Book Twitter today, in between the excitement over the US elections, has been busy fuming over this tweet:

It is a particularly crass example of something which I fear is rather more common than we’d like to think, particularly in literary fiction (or at least fiction that thinks of itself as literary). It is also an example of the sort of thing I was talking about in my paper at the conference in Italy.

Now of course I was talking about trans people in fiction. How does that relate to Koreans? Well, in the case above what I think the editor is really saying is not that Chang’s characters are not Asian enough, but that they don’t sufficiently conform to the editor’s stereotypical idea of what a Korean-American character should be like. In other words, the editor doesn’t want authentic Asian characters, what they want are characters that will appeal to the book’s presumed straight, cis, able-bodied, white audience, of whom the editor assumes themself to be typical.

The same is true of trans people trying to write authentic characters. Here’s a quote from Meredith Russo, author of If I Was Your Girl, after she was asked in an interview to give advice to trans authors who want to get published.

Like, right now, the story that the cis world is most ready for and willing to accept is like “The Danish Girl”. It’s like “hello, I am a trans person, hello, I am a boy who thinks he is supposed to be a girl. Here’s me dealing with it. Here’s a very heavy emphasis on how all my cis friends and family feel about it. I might die. I’ll probably be heartbroken at the end.”

See the similarity? Russo is saying that publishers don’t want authentic trans characters, they want characters that conform to a cis readership’s expectations of a trans character. Nicola Griffith tells me that disabled people face similar issues.

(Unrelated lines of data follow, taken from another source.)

(* [cmutinfo] is the expectation of [- ln ratio], where [law fgh * ratio] is
   the law making [f] and [g] conditionally independent given [h]. *)
Let ratio (t : (A * B) * C) : R :=
  law p (pairRV f h) (t.1.1, t.2) * law p (pairRV g h) (t.1.2, t.2)
  / (law p h t.2 * law p fgh t).

Lemma cmutinfo_expect_ln : cmutinfo p f g h = \sum_w p w * - ln (ratio (fgh w)).
Proof.
rewrite /cmutinfo !entropyE -!sumrN -!big_split /=; apply: eq_bigr => w _.
have [->|pw] := eqVneq (p w) 0; first by rewrite !mul0r !oppr0 !addr0.
have := law_gt0 p_ge0 (pairRV f h) pw; have := law_gt0 p_ge0 (pairRV g h) pw.
have := law_gt0 p_ge0 fgh pw; have := law_gt0 p_ge0 h pw.
rewrite /ratio /fgh /pairRV /= => ? ? ? ?.
rewrite ln_div ?posrE ?mulr_gt0 // !lnM ?posrE //; ring.
Qed.

Lemma expect_ratio_le1 : \sum_w p w * ratio (fgh w) <= 1.
Proof.
pose phi (t : (A * B) * C) :=
  law p (pairRV f h) (t.1.1, t.2) * law p (pairRV g h) (t.1.2, t.2) / law p h t.2.
have -> : \sum_w p w * ratio (fgh w) = \sum_t law p fgh t * ratio t.
  rewrite (partition_big fgh predT) //=; apply: eq_bigr => t _.
  by rewrite /law big_distrl /=; apply: eq_bigr => w /eqP ->.
apply: (@le_trans _ _ (\sum_t phi t)).
  apply: ler_sum => t _; have -> : ratio t = phi t / law p fgh t.
    by rewrite /ratio /phi invfM !mulrA.
  have [->|nz] := eqVneq (law p fgh t) 0; last by rewrite mulrC divfK.
  by rewrite mul0r divr_ge0 ?mulr_ge0 ?law_ge0.
rewrite -(pair_bigA _ (fun ab c => phi (ab, c))) /=.
rewrite -(pair_bigA _ (fun a b => \sum_c phi ((a, b), c))) /=.
rewrite (eq_bigr (fun a => \sum_c law p (pairRV f h) (a, c) * law p h c / law p h c)); last first.
  move=> a _; rewrite exchange_big /=; apply: eq_bigr => c _.
  by rewrite /phi /= -big_distrl -big_distrr /= sum_law_pairl.
rewrite exchange_big /=; apply: (@le_trans _ _ (\sum_c law p h c)); last first.
  by rewrite sum_law; case: pp => _ ->.
apply: ler_sum => c _; rewrite -!big_distrl /= sum_law_pairl.
by have [->|nz] := eqVneq (law p h c) 0; rewrite ?mulr0 ?mul0r // mulfK.
Qed.

Lemma cmutinfo_ge0 : 0 <= cmutinfo p f g h.
Proof.
have [_ p1] := pp.
rewrite cmutinfo_expect_ln.
apply: (@le_trans _ _ (1 - \sum_w p w * ratio (fgh w))); first by rewrite subr_ge0 expect_ratio_le1.
rewrite -p1 -sumrB; apply: ler_sum => w _.
have [->|pw] := eqVneq (p w) 0; first by rewrite !mul0r subr0.
have r_gt0 : 0 < ratio (fgh w).
  have := law_gt0 p_ge0 (pairRV f h) pw; have := law_gt0 p_ge0 (pairRV g h) pw.
  have := law_gt0 p_ge0 fgh pw; have := law_gt0 p_ge0 h pw.
  by rewrite /ratio /fgh /pairRV /= => *; rewrite divr_gt0 ?mulr_gt0.
rewrite -{1}[p w]mulr1 -mulrBr ler_wpM2l //; have := ln_le_subr1 r_gt0; lra.
Qed.

End Gibbs.

Section ChainRules.
Variables (R : realType) (O : finType) (p : O -> R).
Variables (A B C D : finType) (x : O -> A) (a : O -> B) (b : O -> C) (h : O -> D).

Lemma cmutinfoC : cmutinfo p x a h = cmutinfo p a x h.
Proof.
rewrite /cmutinfo.
have -> : entropy p (pairRV (pairRV x a) h) = entropy p (pairRV (pairRV a x) h).
  by apply: entropy_equiv; rv_equiv_tac.
by ring.
Qed.

Lemma mutinfo_pairr : mutinfo p x (pairRV a b) = mutinfo p x a + cmutinfo p x b a.
Proof.
rewrite /mutinfo /cmutinfo.
have -> : entropy p (pairRV x a) = entropy p (pairRV a x).
  by apply: entropy_equiv; rv_equiv_tac.
have -> : entropy p (pairRV b a) = entropy p (pairRV a b).
  by apply: entropy_equiv; rv_equiv_tac.
have -> : entropy p (pairRV (pairRV x b) a) = entropy p (pairRV x (pairRV a b)).
  by apply: entropy_equiv; rv_equiv_tac.
by ring.
Qed.

Lemma cmutinfo_pairr :
  cmutinfo p x (pairRV a b) h = cmutinfo p x a h + cmutinfo p x b (pairRV h a).
Proof.
rewrite /cmutinfo.
have -> : entropy p (pairRV x (pairRV h a)) = entropy p (pairRV (pairRV x a) h).
  by apply: entropy_equiv; rv_equiv_tac.
have -> : entropy p (pairRV b (pairRV h a)) = entropy p (pairRV (pairRV a b) h).
  by apply: entropy_equiv; rv_equiv_tac.
have -> : entropy p (pairRV (pairRV x b) (pairRV h a)) =
          entropy p (pairRV (pairRV x (pairRV a b)) h).
  by apply: entropy_equiv; rv_equiv_tac.
have -> : entropy p (pairRV h a) = entropy p (pairRV a h).
  by apply: entropy_equiv; rv_equiv_tac.
by ring.
Qed.

End ChainRules.

Lemma entropy_cst (R : realType) (O T : finType) (p : O -> R) (t : T) :
  \sum_w p w = 1 -> entropy p (fun _ => t) = 0.
Proof.
move=> p1; rewrite entropyE big1 ?oppr0 // => w _.
have -> : law p (fun _ => t) t = 1 by rewrite -p1; apply: eq_bigl => w'; rewrite eqxx.
by rewrite ln1 mulr0.
Qed.

Lemma cmutinfo_cst (R : realType) (O A C T : finType) (p : O -> R) (f : O -> A) (h : O -> C)
    (t : T) :
  cmutinfo p f (fun _ => t) h = 0.
Proof.
rewrite /cmutinfo.
have -> : entropy p (pairRV (fun _ => t) h) = entropy p h.
  by apply: entropy_equiv; rv_equiv_tac.
have -> : entropy p (pairRV (pairRV f (fun _ => t)) h) = entropy p (pairRV f h).
  by apply: entropy_equiv; rv_equiv_tac.
by ring.
Qed.

Section Shannon.
Variables (R : realType) (O : finType) (p : O -> R).
Hypothesis pp : is_pmf p.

The good news is that, with the small sample size I have of recent YA books about trans people (the subject of my paper) it seems much easier to get an authentic portrayal published in genre fiction. My theory is that’s because the publishers of genre fiction don’t think that character is all there is to a book. They are happy to buy a book on the basis of the plot, and not worry whether the readers will demand certain narratives for the characters.